Caramba!! Quanta coisa dita e ainda tanto a se dizer! Pra quem pensava que Ela era só bonitinha se enganou! Como diria o profeta de rua Caetano Emanuel Telles Veloso, “de perto ninguém é normal”. Eu já digo é que rapadura é doce, mas não é mole! O Helemento Qarbono, outro profeta de rua, me disse que Ela (a agenda) é bonitinha, mas ordinária.
Agradeço a todos pela paciência em tentar destrinchar a cara e a alma dessa criatura, navegando juntos por águas nunca d´antes navegadas. Esta é um pouco da história da agenda, que às vezes se plasma com a história de seu criador.
O Helemento Qarbono é um pseudônimo, um profeta de rua imaginário que me encantou, me deixou boquiaberto com suas frases básicas, hiper-compactas, lacônicas, profundas e apaixonantes. Dele sim vocês podem dizer: - Você não existe! ... E não existe mesmo! Ele é um fragmento de sonho, que de tanto desejar falar, acabou se fazendo matéria. Ele sim, se plasma com a agenda e transita livremente pelas condições de atemporal, singular e cosmopolita. Ele é talvez a síntese auto-biográfica de todos os meus trabalhos, uma espécie de “TUDO–AO – MESMO - AGORA ”. Um tipo de raptor de imagens, que as devora e as transforma em registro gráfico-social-imagético.
Fico imensamente feliz pelo seu resgate, pelo seu surgimento junto a “Radio Ressurreição”, se unindo, se plasmando e formando um todo, que é a Agenda Poética Marginal.
A agenda é um trabalho desafiador, que cobra de mim uma atenção integral, uma dedicação intensa, desde a escolha e construção da capa até a concepção do conteúdo interno, como a associação de uma ilustração com a frase.
Espero que gostem desta nova versão, pois fechei os olhos e mergulhei de cabeça na esperança de tentar reproduzir na íntegra o que eu esperava que ela fosse.
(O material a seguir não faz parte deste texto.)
(* Let $k$ be a perfect field, $B=k[s]/(s^n)$, and $A$ a $k$-subalgebra of $B$ with maximal ideal $M$ (so $A$ is local with residue field $k$). Let $m=\dim_k(M/M^2)$ and let $e\ge1$ be the largest integer with $M\subseteq s^eB$. If $e<\binom m2$, then the kernel of $\Omega_{A/k}\to\Omega_{B/k}$ is nonzero. *)

From HB Require Import structures.
From mathcomp Require Import all_boot all_order all_algebra.
Set Implicit Arguments. Unset Strict Implicit. Unset Printing Implicit Defensive.
Import GRing.Theory.
Local Open Scope ring_scope.

Definition perfect_field (k : fieldType) : Prop :=
  forall p : nat, p \in [pchar k] -> forall x : k, exists y : k, y ^+ p = x.

Section TruncPoly.
Variables (k : fieldType) (n : nat).

(* B = k[s]/(s^n) is modelled as the k-vector space 'rV[k]_n of coefficient
   rows: u represents sum_{i<n} u_i s^i. *)
Definition bmul (u v : 'rV[k]_n) : 'rV[k]_n :=
  \row_(i < n) \sum_(j < n) \sum_(l < n | (j + l)%N == (i : nat)) u 0 j * v 0 l.

Definition bone : 'rV[k]_n := \row_(i < n) ((i : nat) == 0%N)%:R.

(* s^e in B (zero when e >= n) *)
Definition spow (e : nat) : 'rV[k]_n := \row_(i < n) ((i : nat) == e)%:R.

Definition in_spowB (e : nat) (u : 'rV[k]_n) : Prop :=
  exists b : 'rV[k]_n, u = bmul (spow e) b.

Definition maxB : {vspace 'rV[k]_n} := <<[seq spow i | i <- iota 1 n.-1]>>%VS.

Definition is_subalgebra (A : {vspace 'rV[k]_n}) : Prop :=
  bone \in A /\ forall x y, x \in A -> y \in A -> bmul x y \in A.

Definition maxA (A : {vspace 'rV[k]_n}) : {vspace 'rV[k]_n} := (A :&: maxB)%VS.

End TruncPoly.

(* k-span of all products f x y with x in X, y in Y (by bilinearity it suffices
   to take products of basis vectors). *)
Definition prodspace (k : fieldType) (U V W : vectType k) (f : U -> V -> W)
  (X : {vspace U}) (Y : {vspace V}) : {vspace W} :=
  <<[seq f x y | x <- vbasis X, y <- vbasis Y]>>%VS.

Section Kahler.
Variables (k : fieldType) (n : nat).

Definition maxA2 (A : {vspace 'rV[k]_n}) : {vspace 'rV[k]_n} :=
  prodspace (@bmul k n) (maxA A) (maxA A).
Definition cotdim (A : {vspace 'rV[k]_n}) : nat :=
  (\dim (maxA A) - \dim (maxA2 A))%N.

(* B ⊗_k B = k[s,t]/(s^n,t^n), as n x n coefficient matrices:
   P represents sum P_ij s^i t^j. *)
Definition tens (a b : 'rV[k]_n) : 'M[k]_(n, n) := \matrix_(i, j) (a 0 i * b 0 j).

Definition tmul (P Q : 'M[k]_(n, n)) : 'M[k]_(n, n) :=
  \matrix_(i, j) \sum_(i1 < n) \sum_(i2 < n | (i1 + i2)%N == (i : nat))
                 \sum_(j1 < n) \sum_(j2 < n | (j1 + j2)%N == (j : nat))
                    P i1 j1 * Q i2 j2.

Definition tmult (P : 'M[k]_(n, n)) : 'rV[k]_n :=
  \row_(l < n) \sum_(i < n) \sum_(j < n | (i + j)%N == (l : nat)) P i j.

(* A ⊗_k A, realised inside B ⊗_k B (k is a field, so A ⊗ A -> B ⊗ B is injective) *)
Definition tensA (A : {vspace 'rV[k]_n}) : {vspace 'M[k]_(n, n)} :=
  prodspace tens A A.

(* I_A = ker (A ⊗ A -> A) and its square; Omega_{A/k} = I_A / I_A^2 *)
Definition diagI (A : {vspace 'rV[k]_n}) : {vspace 'M[k]_(n, n)} :=
  (tensA A :&: lker (linfun tmult))%VS.
Definition diagI2 (A : {vspace 'rV[k]_n}) : {vspace 'M[k]_(n, n)} :=
  prodspace tmul (diagI A) (diagI A).

(* The natural map Omega_{A/k} = I_A/I_A^2 -> Omega_{B/k} = I_B/I_B^2,
   x + I_A^2 |-> x + I_B^2, has nonzero kernel. *)
Definition Omega_map_ker_nonzero (A : {vspace 'rV[k]_n}) : Prop :=
  exists x : 'M[k]_(n, n),
    [/\ x \in diagI A, x \notin diagI2 A & x \in diagI2 (fullv : {vspace 'rV[k]_n})].

End Kahler.

From HB Require Import structures.
From mathcomp Require Import all_boot all_order all_algebra.
From Stdlib Require Import Classical.
From mathcomp Require Import zify ring.
Set Implicit Arguments. Unset Strict Implicit. Unset Printing Implicit Defensive.
Import GRing.Theory.
Local Open Scope ring_scope.

(* Suppose Omega_A -> Omega_B is injective.  Pick t in M of s-adic order
   exactly e and compare multiplication by t on the finite-dimensional spaces
   Omega_A = I_A/I_A^2 and Omega_B = I_B/I_B^2.  Kernel and cokernel of an
   endomorphism have the same dimension and the t-torsion of Omega_A embeds in
   that of Omega_B, so dim Omega_A/t Omega_A <= dim Omega_B/t Omega_B.  The
   right side is at most e: Omega_B is generated by the x dy, and since
   B = span(1, s, ..., s^(e-1)) + tB, the x ds with x = s^l, l < e, suffice
   modulo t Omega_B + I_B^2.  For the left side let a_1, ..., a_r span a
   complement of M^2 + kt in M, so r >= m - 1, and let lambda_i be the dual
   point derivations A -> k.  The functionals on A (x) A built from lambda_i
   and the augmentation vanish on t I_A + I_A^2 and are dual to the r + C(r,2)
   classes d a_i, a_i d a_j (i < j), so dim Omega_A/t Omega_A >= C(r+1,2)
   >= C(m,2) > e. *)

(** * The truncated polynomial ring B = k[s]/(s^n) *)

Section TruncatedPolynomials.
Variable k : fieldType.

Lemma sum_conv (n i : nat) (F : nat -> nat -> k) : (i < n)%N ->
  \sum_(j < n) \sum_(l < n | (j + l == i)%N) F j l = \sum_(j < i.+1) F j (i - j)%N.
Proof.
move=> lt_in.
rewrite (big_ord_widen n (fun j => F j (i - j)%N) lt_in) [RHS]big_mkcond /=.
apply: eq_bigr => j _.
case: (leqP j i) => hji.
  rewrite ltnS hji.
  have hlt : (i - j < n)%N by lia.
  rewrite (big_pred1 (Ordinal hlt)) //= => l.
  apply/eqP/eqP => h; [by apply: val_inj => /=; lia | by rewrite h /=; lia].
rewrite ltnS leqNgt hji /= big_pred0 // => l; apply/eqP; lia.
Qed.

Variable n : nat.
Implicit Types u v w : 'rV[k]_n.

Definition bcoef u (i : nat) : k := \sum_(j < n | (j : nat) == i) u 0 j.

Lemma bcoef_ord u (j : 'I_n) : bcoef u j = u 0 j.
Proof. by rewrite /bcoef (big_pred1 j) // => l; rewrite -val_eqE. Qed.

Lemma bcoef_out u i : (n <= i)%N -> bcoef u i = 0.
Proof. move=> h; rewrite /bcoef big_pred0 // => l; apply/eqP; have := ltn_ord l; lia. Qed.

Lemma bcoef_lin a u v i : bcoef (a *: u + v) i = a * bcoef u i + bcoef v i.
Proof.
rewrite /bcoef big_distrr -big_split /=; apply: eq_bigr => j _; by rewrite !mxE.
Qed.

Lemma bcoefP u v : (forall i, bcoef u i = bcoef v i) -> u = v.
Proof. by move=> h; apply/rowP => j; rewrite -!bcoef_ord h. Qed.

Definition bpoly u : {poly k} := \poly_(i < n) bcoef u i.
Definition btrunc (p : {poly k}) : 'rV[k]_n := \row_(i < n) p`_i.

Lemma coef_bpoly u i : (bpoly u)`_i = bcoef u i.
Proof. rewrite coef_poly; case: ltnP => // h; by rewrite bcoef_out. Qed.

Lemma bcoef_btrunc (p : {poly k}) i : bcoef (btrunc p) i = if (i < n)%N then p`_i else 0.
Proof.
case: ltnP => h; last by rewrite bcoef_out.
by rewrite -[i]/(nat_of_ord (Ordinal h)) bcoef_ord mxE.
Qed.

Lemma bpolyK u : btrunc (bpoly u) = u.
Proof.
apply: bcoefP => i; rewrite bcoef_btrunc coef_bpoly.
by case: ltnP => // h; rewrite bcoef_out.
Qed.

Lemma bmulE u v : bmul u v = btrunc (bpoly u * bpoly v).
Proof.
apply/rowP => i; rewrite !mxE coefM.
transitivity (\sum_(j < n) \sum_(l < n | (j + l == i)%N) bcoef u j * bcoef v l).
  by apply: eq_bigr => j _; apply: eq_bigr => l _; rewrite !bcoef_ord.
rewrite (sum_conv (fun j l => bcoef u j * bcoef v l)) //.
by apply: eq_bigr => j _; rewrite !coef_bpoly.
Qed.

Lemma btrunc_mul_congrl (p p' q : {poly k}) : (forall j, (j < n)%N -> p`_j = p'`_j) ->
  btrunc (p * q) = btrunc (p' * q).
Proof.
move=> h; apply/rowP => i; rewrite !mxE !coefM; apply: eq_bigr => j _.
rewrite h //; have := ltn_ord j; have := ltn_ord i; lia.
Qed.

Lemma btrunc_mul_congrr (p q q' : {poly k}) : (forall j, (j < n)%N -> q`_j = q'`_j) ->
  btrunc (p * q) = btrunc (p * q').
Proof. by move=> h; rewrite mulrC (btrunc_mul_congrl _ h) mulrC. Qed.

Lemma coef_bpoly_btrunc (p : {poly k}) j : (j < n)%N -> (bpoly (btrunc p))`_j = p`_j.
Proof. by move=> h; rewrite coef_bpoly bcoef_btrunc h. Qed.

Lemma bmulC u v : bmul u v = bmul v u.
Proof. by rewrite !bmulE mulrC. Qed.

Lemma bmulA u v w : bmul u (bmul v w) = bmul (bmul u v) w.
Proof.
rewrite ![bmul u _]bmulC !bmulE.
rewrite (btrunc_mul_congrl _ (coef_bpoly_btrunc (bpoly v * bpoly w))).
rewrite (btrunc_mul_congrl _ (coef_bpoly_btrunc (bpoly v * bpoly u))).
by rewrite -mulrA [bpoly w * _]mulrC mulrA.
Qed.

Lemma bcoef_bone i : (i < n)%N -> bcoef (bone k n) i = (1 : {poly k})`_i.
Proof.
move=> h.
by rewrite -[i]/(nat_of_ord (Ordinal h)) bcoef_ord mxE coef1.
Qed.

Lemma bcoef_spow d i : (i < n)%N -> bcoef (spow k n d) i = ('X^d : {poly k})`_i.
Proof.
move=> h.
by rewrite -[i]/(nat_of_ord (Ordinal h)) bcoef_ord mxE coefXn.
Qed.

Lemma bmul1l u : bmul (bone k n) u = u.
Proof.
rewrite bmulE (btrunc_mul_congrl (p' := 1)) ?mul1r ?bpolyK // => j hj.
by rewrite coef_bpoly bcoef_bone.
Qed.

Lemma bmul1r u : bmul u (bone k n) = u.
Proof. by rewrite bmulC bmul1l. Qed.

Lemma bmul_spowl d u : bmul (spow k n d) u = btrunc ('X^d * bpoly u).
Proof. rewrite bmulE; apply: btrunc_mul_congrl => j hj; by rewrite coef_bpoly bcoef_spow. Qed.

Lemma spowD a b : bmul (spow k n a) (spow k n b) = spow k n (a + b).
Proof.
rewrite bmul_spowl (@btrunc_mul_congrr _ _ 'X^b); last first.
  by move=> j hj; rewrite coef_bpoly bcoef_spow.
apply: bcoefP => i; rewrite bcoef_btrunc -exprD.
case: ltnP => h; first by rewrite bcoef_spow.
by rewrite bcoef_out.
Qed.

Lemma bpoly_lin a u v : bpoly (a *: u + v) = a *: bpoly u + bpoly v.
Proof. apply/polyP => i; by rewrite coefD coefZ !coef_bpoly bcoef_lin. Qed.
E ela foi! E ela é!!
Lembrando que este texto não é linear. Aqui nada é cronológico. Procure evitar ligações com espaço-tempo-narrador. O que se lê aqui são insight´s, fragmentos de tempo e ações isoladas no espaço que deram corpo a uma colcha de tecido multicolorida que se chama VIDA, ou simplesmente, se assim preferirem, AGENDA POÉTICA MARGINAL.
Helemento Qarbono
Algumas palavras sobre outras palavras
(Surge a Rádio Ressurreição)
Eu gosto de palavras e ainda mais do que se pode fazer com elas. Alterá-las, recriá-las, implodí-las, fazê-las aos pedaços revelando assim sua amplidão. Tocá-las, rasgá-las ao meio como uma espécie de alquimia oral em constante movimento, fazendo da fala um organismo vivo e mutante. Eu respeito e admiro a palavra e a força que ela tem em impor o seu significado, em provocar sensações mil e também pela condição de ser breve, compacta e lacônica (É isso e pronto!!).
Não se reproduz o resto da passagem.